Www2.cs.arizona.edu



Project OrderedMap and Probabilistic Text Generation

Collaboration Complete this by yourself. You may get help from Section Leaders and Rick.

In this project you are asked to add these three methods to the OrderedMap class that uses a Binary Search Tree of MapNode objects:

• public V put(K key, V value) Add a mapping to the BST if key is not present and return null, otherwise return the previous value to indicate the old mapping is removed with the old value replacing the new value.
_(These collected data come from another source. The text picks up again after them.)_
(* Let $q$ be a power of $2$, $n\ge 4$, and let $M$ be an $n\times n$ matrix with entries in $\mathbb{F}_q$. Then $0\in\mathrm{Num}'_0(M)_q$.
   Context: For $M=(m_{ij})$ with entries in $\mathbb{F}_q$ and $u=(x_1,\dots,x_n)\in\mathbb{F}_q^n$, with the Hermitian form $\langle u,v\rangle=\sum_i u_i^qv_i$ one has $\langle u,u\rangle=\sum_i x_i^2$ and $\langle u,Mu\rangle=\sum_{i,j}m_{ij}x_ix_j$. $\mathrm{Num}'_0(M)_q=\{\langle u,Mu\rangle: u\in\mathbb{F}_q^n\setminus\{0\},\ \langle u,u\rangle=0\}$. *)

From mathcomp Require Import all_boot all_order all_algebra.
Set Implicit Arguments. Unset Strict Implicit. Unset Printing Implicit Defensive.
Import GRing.Theory.
Local Open Scope ring_scope.

(* Hermitian form <u,v> = sum_i u_i^q v_i, where q = #|F|.  For vectors with
   entries in F = F_q this is the form of the paper restricted to F_q^n. *)
Definition herm (F : finFieldType) (n : nat) (u v : 'cV[F]_n) : F :=
  \sum_(i < n) (u i 0) ^+ #|F| * v i 0.

Definition NumPrime0 (F : finFieldType) (n : nat) (M : 'M[F]_n) : {set F} :=
  [set z | [exists u : 'cV[F]_n,
     [&& u != 0, herm u u == 0 & herm u (M *m u) == z]]].

From mathcomp Require Import all_boot all_order all_algebra all_field.
From mathcomp Require Import ring.
Set Implicit Arguments. Unset Strict Implicit. Unset Printing Implicit Defensive.
Import GRing.Theory.
Local Open Scope ring_scope.

(* Over F_q the map u |-> u^q is the identity, so <u,u> and <u,Mu> are the
   quadratic forms of 1 and M.  In characteristic 2 the form of 1 has zero polar
   form and vanishes on e_i + e_3 for i = 0, 1, 2, hence on the whole span W of
   these three vectors.  The form of M restricted to W is a ternary quadratic
   form over a field in which every element is a square (the Frobenius is
   bijective on a finite field), and such a form has a nontrivial zero: choose
   (x, y) <> 0 killing the mixed terms in z, then solve for z^2. *)

Section QuadraticForm.
Variables (R : comNzRingType) (n : nat).
Implicit Types (N : 'M[R]_n) (a b c : 'cV[R]_n).

Definition qform N a : R := (a^T *m N *m a) 0 0.
Definition qpolar N a b : R := (a^T *m (N + N^T) *m b) 0 0.

Lemma qformZ N x a : qform N (x *: a) = x ^+ 2 * qform N a.
Proof. by rewrite /qform !linearZ /= -!scalemxAl !mxE mulrA. Qed.

Lemma qpolarDl N a b c : qpolar N (a + b) c = qpolar N a c + qpolar N b c.
Proof. by rewrite /qpolar [(a + b)^T]raddfD !mulmxDl mxE. Qed.

Lemma qpolarZl N x a b : qpolar N (x *: a) b = x * qpolar N a b.
Proof. by rewrite /qpolar linearZ /= -!scalemxAl mxE. Qed.

Lemma qpolarZr N x a b : qpolar N a (x *: b) = x * qpolar N a b.
Proof. by rewrite /qpolar -scalemxAr mxE. Qed.

Lemma qformD N a b : qform N (a + b) = qform N a + qform N b + qpolar N a b.
Proof.
have trC : (b^T *m N *m a) 0 0 = (a^T *m N^T *m b) 0 0.
  have -> : a^T *m N^T *m b = (b^T *m N *m a)^T by rewrite !trmx_mul trmxK mulmxA.
  by rewrite [RHS]mxE.
rewrite /qform /qpolar [(a + b)^T]raddfD /= !mulmxDr !mulmxDl.
by rewrite ![(_ + _ : 'M_1) 0 0]mxE trC; ring.
Qed.

Lemma qform_expand3 N a b c x y z :
  qform N (x *: a + y *: b + z *: c) =
  x ^+ 2 * qform N a + y ^+ 2 * qform N b + z ^+ 2 * qform N c
  + x * y * qpolar N a b + x * z * qpolar N a c + y * z * qpolar N b c.
Proof.
by rewrite !qformD !qformZ qpolarDl !qpolarZl !qpolarZr; ring.
Qed.

Lemma qform1_delta (i : 'I_n) : qform 1 (delta_mx i 0) = 1.
Proof. by rewrite /qform mulmx1 trmx_delta mul_delta_mx mxE !eqxx. Qed.

Lemma qpolar1_pchar2 a b : 2 \in [pchar R] -> qpolar 1 a b = 0.
Proof.
by move=> two_char; rewrite /qpolar trmx1 mulmxDr mulmxDl mulmx1 mxE addrr_pchar2.
Qed.

End QuadraticForm.

Lemma herm_qform (F : finFieldType) (n : nat) (N : 'M[F]_n) (u : 'cV[F]_n) :
  herm u (N *m u) = qform N u.
Proof.
rewrite /herm /qform -mulmxA mxE; apply: eq_bigr => i _.
by rewrite expf_card [u^T 0 i]mxE.
Qed.

Lemma finField_sqrt_exists_pchar2 (F : finFieldType) (two_char : 2 \in [pchar F]) (w : F) :
  exists r, r ^+ 2 = w.
Proof.
have /codomP [r ->] := injF_onto (fmorph_inj (pFrobenius_aut two_char)) w.
by exists r; rewrite -(pFrobenius_autE two_char).
Qed.

Lemma linear_form2_nontrivial_root (R : comNzRingType) (e f : R) :
  exists x y : R, ((x != 0) || (y != 0)) /\ e * x + f * y = 0.
Proof.
have [/andP [/eqP -> /eqP ->] | ef_neq0] := boolP ((e == 0) && (f == 0)).
  by exists 1, 0; rewrite oner_eq0 !mul0r addr0.
exists f, (- e); split; last by rewrite mulrN mulrC subrr.
by rewrite oppr_eq0 orbC -negb_and.
Qed.

Lemma ternary_quadratic_isotropic_pchar2 (F : fieldType)
    (two_char : 2 \in [pchar F]) (sqrt_exists : forall w : F, exists r, r ^+ 2 = w)
    (a b c d e f : F) :
  exists x y z : F, [|| x != 0, y != 0 | z != 0] /\
    x ^+ 2 * a + y ^+ 2 * b + z ^+ 2 * c + x * y * d + x * z * e + y * z * f = 0.
Proof.
have [-> | c_neq0] := eqVneq c 0.
  exists 0, 0, 1; split; first by rewrite oner_neq0 !orbT.
  by rewrite !(mul0r, mulr0, expr0n, add0r, addr0).
have [x [y [xy_neq0 exfy0]]] := linear_form2_nontrivial_root e f.
pose s := x ^+ 2 * a + y ^+ 2 * b + x * y * d.
have [z z2] := sqrt_exists (s / c).
exists x, y, z; split; first by case/orP: xy_neq0 => ->; rewrite ?orbT.
have -> : z ^+ 2 * c = s by rewrite z2 divfK.
have -> : x ^+ 2 * a + y ^+ 2 * b + s + x * y * d + x * z * e + y * z * f
          = s + s + z * (e * x + f * y) by rewrite /s; ring.
by rewrite exfy0 mulr0 addr0 addrr_pchar2.
Qed.

Lemma common_isotropic_vector_pchar2 (F : fieldType)
    (two_char : 2 \in [pchar F]) (sqrt_exists : forall w : F, exists r, r ^+ 2 = w)
    (n : nat) (n_gt3 : (3 < n)%N) (N : 'M[F]_n) :
  exists u : 'cV[F]_n, [/\ u != 0, qform 1 u = 0 & qform N u = 0].
Proof.
pose i0 := Ordinal (ltnW (ltnW (ltnW n_gt3))).
pose i1 := Ordinal (ltnW (ltnW n_gt3)).
pose i2 := Ordinal (ltnW n_gt3).
pose i3 := Ordinal n_gt3.
pose w (i : 'I_n) : 'cV[F]_n := delta_mx i 0 + delta_mx i3 0.
have qform1_w i : qform 1 (w i) = 0.
  by rewrite qformD !qform1_delta qpolar1_pchar2 // addr0 addrr_pchar2.
have [x [y [z [xyz_neq0 Qw_root]]]] := ternary_quadratic_isotropic_pchar2 two_char
  sqrt_exists (qform N (w i0)) (qform N (w i1)) (qform N (w i2))
  (qpolar N (w i0) (w i1)) (qpolar N (w i0) (w i2)) (qpolar N (w i1) (w i2)).
exists (x *: w i0 + y *: w i1 + z *: w i2); split.
- apply: contraTneq xyz_neq0 => /matrixP u0.
  have := u0 i0 0; have := u0 i1 0; have := u0 i2 0.
  rewrite !mxE -!val_eqE !eqxx /= !(addr0, mulr0, mulr1, add0r) => -> -> ->.
  by rewrite eqxx.
- by rewrite qform_expand3 !qpolar1_pchar2 // !qform1_w !mulr0 !addr0.
- by rewrite qform_expand3 Qw_root.
Qed.

Theorem corollary2 (F : finFieldType) (k : nat) (hq : #|F| = (2 ^ k)%N)
  (n : nat) (hn : (4 <= n)%N) (M : 'M[F]_n) :
  0 \in NumPrime0 M.
Proof.
have two_char : 2 \in [pchar F] by exact: card_finPcharP hq _.
have [u [u_neq0 u_isotropic Mu0]] :=
  common_isotropic_vector_pchar2 two_char (finField_sqrt_exists_pchar2 two_char) hn M.
rewrite inE; apply/existsP; exists u; apply/and3P; split; first exact: u_neq0.
- by rewrite -[u in herm _ u]mul1mx herm_qform u_isotropic.
- by rewrite herm_qform Mu0.
Qed.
• public V get(K key) Get the value mapped to the given key or null if the key does not exist

• public boolean containsKey(K key) Return true if key exists in the OrderedMap object, or false if it doesn't

This collection class will then be used to generate probabilistic text that can look amazingly like the text used as the input sample text. If the input is Tom Sawyer, the probabilistic text can look a lot like Tom Sawyer.

First get these the start to this project by downloading this zip file and importing into Eclipse

OrderedMap.zip

Finish OrderedMap before moving onto the second part of this project.
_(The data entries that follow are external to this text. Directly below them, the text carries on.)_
(* Let $a$ and $b$ be coprime integers and let $\ell\in G_{(a,b)}$ with $\ell\notin\{1,2\}$. Then all elements of $\mathcal{K}_{(a,b)}(\ell)$ have the same parity.
   Context: For integers $x,y$, $G_{(x,y)}$ is the set of positive integers $n$ such that $n\mid(x^k+y^k)$ for some positive integer $k$; for such $n$, $\mathcal{K}_{(x,y)}(n)=\{k\text{ positive integer}: n\mid(x^k+y^k)\}$. *)

From Stdlib Require Import ZArith.
Open Scope Z_scope.

Definition inK (x y n k : Z) : Prop := 0 < k /\ (n | x ^ k + y ^ k).

Definition inG (x y n : Z) : Prop := 0 < n /\ exists k, inK x y n k.

(* Since gcd(a,b) = 1, every l dividing some a^k + b^k is coprime to b.  For k1, k2 in
   K(l) we have a^k1 = -b^k1 and a^k2 = -b^k2 mod l; raising the first congruence to the
   power k2 and the second to the power k1 gives (-1)^k2 b^(k1 k2) = a^(k1 k2) =
   (-1)^k1 b^(k1 k2) mod l, so l divides (-1)^k2 - (-1)^k1.  If k1 and k2 had different
   parities, l would divide 2. *)

From Stdlib Require Import ZArith Znumtheory Lia.
Open Scope Z_scope.

Lemma rel_prime_pow (a b k : Z) : 0 <= k -> rel_prime a b -> rel_prime a (b ^ k).
Proof.
  intros Hk Hab; pattern k; apply natlike_ind; [| | exact Hk].
  - apply rel_prime_sym, rel_prime_1.
  - intros m Hm IH; rewrite Z.pow_succ_r by exact Hm.
    now apply rel_prime_mult.
Qed.

Lemma divide_pow_sub (n x y k : Z) : 0 <= k -> (n | x - y) -> (n | x ^ k - y ^ k).
Proof.
  intros Hk Hxy; pattern k; apply natlike_ind; [| | exact Hk].
  - rewrite Z.sub_diag; apply Z.divide_0_r.
  - intros m Hm IH; rewrite !Z.pow_succ_r by exact Hm.
    replace (x * x ^ m - y * y ^ m) with (x * (x ^ m - y ^ m) + (x - y) * y ^ m) by ring.
    apply Z.divide_add_r; [apply Z.divide_mul_r | apply Z.divide_mul_l]; assumption.
Qed.

Lemma rel_prime_of_divide_pow_add (a b l k : Z) :
  rel_prime a b -> 0 < k -> (l | a ^ k + b ^ k) -> rel_prime l b.
Proof.
  intros Hab Hk Hl.
  constructor; [apply Z.divide_1_l .. |]; intros d Hdl Hdb.
  assert (Hdbk : (d | b ^ k)).
  { replace k with (Z.succ (k - 1)) by lia; rewrite Z.pow_succ_r by lia.
    now apply Z.divide_mul_l. }
  assert (Hdak : (d | a ^ k)).
  { replace (a ^ k) with (a ^ k + b ^ k - b ^ k) by ring.
    apply Z.divide_sub_r; [apply (Z.divide_trans _ l) |]; assumption. }
  assert (Hda : rel_prime d (a ^ k)).
  { apply rel_prime_pow; [lia |].
    apply rel_prime_sym in Hab; exact (rel_prime_div _ _ _ Hab Hdb). }
  destruct Hda as [_ _ Hgcd]; apply Hgcd; [apply Z.divide_refl | exact Hdak].
Qed.

Lemma divide_m1_pow_sub (a b l k1 k2 : Z) :
  rel_prime l b -> 0 <= k1 -> 0 <= k2 ->
  (l | a ^ k1 + b ^ k1) -> (l | a ^ k2 + b ^ k2) ->
  (l | (-1) ^ k2 - (-1) ^ k1).
Proof.
  intros Hlb Hk1 Hk2 D1 D2.
  assert (E1 : (l | (a ^ k1) ^ k2 - (- b ^ k1) ^ k2)).
  { apply divide_pow_sub; [exact Hk2 |]; now rewrite Z.sub_opp_r. }
  assert (E2 : (l | (a ^ k2) ^ k1 - (- b ^ k2) ^ k1)).
  { apply divide_pow_sub; [exact Hk1 |]; now rewrite Z.sub_opp_r. }
  assert (E : (l | b ^ (k1 * k2) * ((-1) ^ k2 - (-1) ^ k1))).
  { replace (b ^ (k1 * k2) * ((-1) ^ k2 - (-1) ^ k1))
      with (((a ^ k2) ^ k1 - (- b ^ k2) ^ k1) - ((a ^ k1) ^ k2 - (- b ^ k1) ^ k2)).
    - now apply Z.divide_sub_r.
    - replace (- b ^ k1) with ((-1) * b ^ k1) by ring.
      replace (- b ^ k2) with ((-1) * b ^ k2) by ring.
      rewrite !Z.pow_mul_l, <- !Z.pow_mul_r by lia.
      rewrite (Z.mul_comm k2 k1); ring. }
  apply (Gauss l (b ^ (k1 * k2))); [exact E |].
  apply rel_prime_pow; [apply Z.mul_nonneg_nonneg | ]; assumption.
Qed.

Lemma pow_m1_even (k : Z) : 0 <= k -> (-1) ^ k = if Z.even k then 1 else -1.
Proof.
  intros Hk; change (-1) with (- (1)); destruct (Z.even k) eqn:Hev.
  - rewrite Z.pow_opp_even by now apply Z.even_spec.
    apply Z.pow_1_l, Hk.
  - rewrite Z.pow_opp_odd by (apply Z.odd_spec; now rewrite <- Z.negb_even, Hev).
    now rewrite Z.pow_1_l.
Qed.

Theorem lemma2p12 (a b l : Z) :
  Z.gcd a b = 1 -> inG a b l -> l <> 1 -> l <> 2 ->
  forall k1 k2, inK a b l k1 -> inK a b l k2 -> Z.even k1 = Z.even k2.
Proof.
  intros Hab [Hl _] Hl1 Hl2 k1 k2 [Hk1 D1] [Hk2 D2].
  apply Zgcd_1_rel_prime in Hab.
  pose proof (rel_prime_of_divide_pow_add _ _ _ _ Hab Hk1 D1) as Hlb.
  pose proof (divide_m1_pow_sub _ _ _ _ _ Hlb (Z.lt_le_incl _ _ Hk1)
                (Z.lt_le_incl _ _ Hk2) D1 D2) as H.
  rewrite !pow_m1_even in H by lia.
  assert (Hnot_divide_2 : forall m, (l | m) -> Z.abs m = 2 -> False).
  { intros m Hlm Hm; apply Z.divide_abs_r in Hlm; rewrite Hm in Hlm.
    apply Z.divide_pos_le in Hlm; lia. }
  destruct (Z.even k1), (Z.even k2); try reflexivity;
    exfalso; exact (Hnot_divide_2 _ H eq_refl).
Qed.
2) Probabilistic Text Generation with OrderedMap and java.util.ArrayList

You are to implement class RandomWriterWithOrderedMap.java that provides a random writing application using a your OrderedMap class to store all possible seeds with its list of all possible following characters. This file must be turned into WebCat in the same project as OrderedMap. While testing your code, use any input file you want from Project Gutenberg. Use your OrderedMap class, java.util.ArrayList, and the following algorithm. 

1. Read all file input into one big string (already done in RandomWriterWithOrderedMap.java)
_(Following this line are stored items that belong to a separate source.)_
Lemma cond_entropy_indep (p : T -> R) (r : X -> Y -> R) :
  (forall t, 0 <= p t) -> rsum p = 1 ->
  (forall x y, 0 <= r x y) -> rsum (fun x => rsum (r x)) = 1 ->
  cond_entropy_T_XY (fun t x y => p t * r x y) = - rsum (fun t => plogp (p t)).
Proof.
move=> p_ge0 sum_p r_ge0 sum_r.
have marg_r x y : marg_XY (fun t x y => p t * r x y) x y = r x y.
  rewrite /marg_XY (eq_rsum (G := fun t => r x y * p t)) => [|t]; last by ring.
  by rewrite rsumZ sum_p Rmult_1_r.
rewrite /cond_entropy_T_XY; congr (- _).
transitivity (rsum (fun t => plogp (p t) * rsum (fun x => rsum (r x)))); last first.
  by apply: eq_rsum => t; rewrite sum_r Rmult_1_r.
apply: eq_rsum => t; rewrite -rsumZ; apply: eq_rsum => x; rewrite -rsumZ.
apply: eq_rsum => y; rewrite marg_r.
have := p_ge0 t; have := r_ge0 x y.
case: Rle_dec => [pr_le0|/Rnot_le_lt pr_gt0] /= r_ge0' p_ge0'.
  have [->|->] : p t = 0 \/ r x y = 0.
    by apply: Rmult_integral; nra.
    by rewrite plogp_le0 ?Rmult_0_l //; apply: Rle_refl.
  by ring.
have p_gt0 : 0 < p t by nra.
have r_gt0 : 0 < r x y by nra.
have -> : p t * r x y / r x y = p t by field; lra.
by rewrite plogp_gt0 //; ring.
Qed.

End ConditionalEntropy.

Definition kron (I : finType) (i0 i : I) : R := if i == i0 then 1 else 0.

Definition kron_diff (I : finType) (i1 i2 i : I) : R := kron i1 i - kron i2 i.

Lemma rsum_kron_diff (I : finType) (i1 i2 : I) : rsum (kron_diff i1 i2) = 0.
Proof.
have rsum_kron i0 : rsum (kron i0) = 1.
  by rewrite (rsumD1 _ i0) big1 /kron ?eqxx ?Rplus_0_r // => i /negbTE ->.
by rewrite /kron_diff /Rminus rsumD rsumN !rsum_kron Rplus_opp_r.
Qed.

Lemma kron_diff_cases (I : finType) (i1 i2 : I) : i1 != i2 -> forall i,
  [\/ kron_diff i1 i2 i = 0, kron_diff i1 i2 i = 1 /\ i = i1
     | kron_diff i1 i2 i = -1 /\ i = i2].
Proof.
move=> i12 i; rewrite /kron_diff /kron.
have [->|ii1] := eqVneq i i1; first by rewrite (negbTE i12); constructor 2; split=> //; ring.
have [->|ii2] := eqVneq i i2; first by constructor 3; split=> //; ring.
by constructor 1; ring.
Qed.

Section Couplings.
Variables X Y : finType.

Definition coupling (a : X -> R) (b : Y -> R) (r : X -> Y -> R) : Prop :=
  [/\ forall x y, 0 <= r x y,
      forall x, rsum (r x) = a x &
      forall y, rsum (fun x => r x y) = b y].

Lemma coupling_mass a b r : prob_vector a -> coupling a b r ->
  rsum (fun x => rsum (r x)) = 1.
Proof. by move=> [_ sum_a] [_ r_a _]; rewrite (eq_rsum r_a). Qed.

Lemma product_coupling a b : prob_vector a -> prob_vector b ->
  coupling a b (fun x y => a x * b y).
Proof.
move=> [a_ge0 sum_a] [b_ge0 sum_b]; split=> [x y|x|y].
- exact: Rmult_le_pos.
- by rewrite rsumZ sum_b Rmult_1_r.
- by rewrite (eq_rsum (G := fun x => b y * a x)) ?rsumZ ?sum_a => [|x]; ring.
Qed.

(* Moving mass along the rectangle {x1,x2} x {y1,y2} keeps the marginals and stays
   nonnegative while the amount is at most min (a x1 b y2, a x2 b y1); the amount
   a x1 a x2 b y1 b y2 qualifies because all masses are at most 1. *)
Definition rectangle_shift a b x1 x2 y1 y2 (x : X) (y : Y) : R :=
  a x * b y + a x1 * a x2 * b y1 * b y2 * (kron_diff x1 x2 x * kron_diff y1 y2 y).

Lemma rectangle_shift_coupling a b x1 x2 y1 y2 :
  prob_vector a -> prob_vector b -> x1 != x2 -> y1 != y2 ->
  coupling a b (rectangle_shift a b x1 x2 y1 y2).
Proof.
move=> pa pb x12 y12; have [_ prod_a prod_b] := product_coupling pa pb.
rewrite /rectangle_shift; set c := a x1 * a x2 * b y1 * b y2.
split=> [x y|x|y].
- have [a_ge0 _] := pa; have [b_ge0 _] := pb.
  have ab_ge0 i j : 0 <= a i * b j by apply: Rmult_le_pos.
  have ab_le1 i j : a i * b j <= 1.
    have := a_ge0 i; have := b_ge0 j.
    by have := prob_vector_le1 i pa; have := prob_vector_le1 j pb; nra.
  have c_le_12 : c <= a x1 * b y2 by rewrite /c; have := ab_le1 x2 y1; have := ab_ge0 x1 y2; nra.
  have c_le_21 : c <= a x2 * b y1 by rewrite /c; have := ab_le1 x1 y2; have := ab_ge0 x2 y1; nra.
  have c_ge0 : 0 <= c by rewrite /c; have := ab_ge0 x1 y2; have := ab_ge0 x2 y1; nra.
  have := ab_ge0 x y.
  case: (kron_diff_cases x12 x) => [->|[-> ->]|[-> ->]];
  case: (kron_diff_cases y12 y) => [->|[-> ->]|[-> ->]]; nra.
- rewrite rsumD prod_a (eq_rsum (G := fun y => c * kron_diff x1 x2 x * kron_diff y1 y2 y)).
    by rewrite rsumZ rsum_kron_diff; ring.
  by move=> y; ring.
- rewrite rsumD prod_b (eq_rsum (G := fun x => c * kron_diff y1 y2 y * kron_diff x1 x2 x)).
    by rewrite rsumZ rsum_kron_diff; ring.
  by move=> x; ring.
Qed.

End Couplings.

Section Maximisers.
Variables (T X Y : finType) (P : T -> X -> Y -> R).
Hypotheses (distP : is_dist P) (indepTX : indep_TX P) (indepTY : indep_TY P).

Lemma prob_vector_marg_T : prob_vector (marg_T P).
Proof.
have [P_ge0 sumP] := distP.
by split=> // t; apply: rsum_ge0 => x; apply: rsum_ge0.
Qed.

Lemma prob_vector_marg_X : prob_vector (marg_X P).
Proof.
have [P_ge0 sumP] := distP.
split=> [x|]; first by apply: rsum_ge0 => t; apply: rsum_ge0.
by rewrite /marg_X exchange_rsum.
Qed.

Lemma prob_vector_marg_Y : prob_vector (marg_Y P).
Proof.
have [P_ge0 sumP] := distP.
split=> [y|]; first by apply: rsum_ge0 => t; apply: rsum_ge0.
rewrite /marg_Y; under eq_rsum => y do rewrite exchange_rsum.
by rewrite -exchange_rsum; apply: etrans (rsum2_marg_XY P) sumP.
Qed.

Lemma DeltaP_marg_T Q t : DeltaP P Q -> marg_T Q t = marg_T P t.
Proof. by move=> [_ [eqTX _]]; apply: eq_rsum => x; apply: eqTX. Qed.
2. Create an OrderedMap object that has all possible seeds of the given length as the key and an ArrayList of followers as the value. (You do this)

3. Pick a random seed from the original text. (already done in RandomWriterWithOrderedMap.java)

4. For each character you need to print (You do this)

• Randomly select one of the characters in the list of followers

• Print that random character

• Change the seed so the first character is gone and the just printed random character is appended

Example text: "Alice likes icy olives"

Using "Alice likes icy olives", create a OrderedMap of seed/list mappings where the seed is a string of length 2 and the value mapped to each key is a list of ALL characters that follow that seed in the original text.

|Seed |list toString() |

|"Al" |[i] |

|"li" |[c, k ] // 'v' to be added |

|"ic" |[e, y] |

|"ce" |[ ] This ArrayList has one element (that you cannot see): a space ' ' |

|"e " |[l] |

|" l" |[i] |

|"li" |"li" is already a key, add follower 'k' to the list already mapped to the key "li" |

|"ik" |[e] |

|"ke" |[s] |

|"es" |[ ] This ArrayList has one element: a space ' '. Another ' ' should be added later |

|"s " |[i] |

|" i" |[c]  |

|"ic" |"ic" is already a key, add follower 'k' to the list already mapped to the key "ic" |

|... |... 8 more possible seeds to map |

Warmup Section Activity: Probabilistic Text Generation with OrderedMap

Here is a class that uses our familiar OrderedMap class. It is intended to provide a start to the second part of the Project: RandomWriterWithOrderedMap. Method makeTheText reads all of the text from an input file into one big StringBuilder object. The StringBuilder class has the methods of the String class with a very efficient append method that we recommend you use. It also has code to get a random seed initially setRandomSeed. Feel free to use this code as a start

// The beginning of the probabalistic text generation

public class RandomWriterWithOrderedMap {

public static void main(String[] args) {

// Assume there is a file named alice with the text: "Alice likes icy olives"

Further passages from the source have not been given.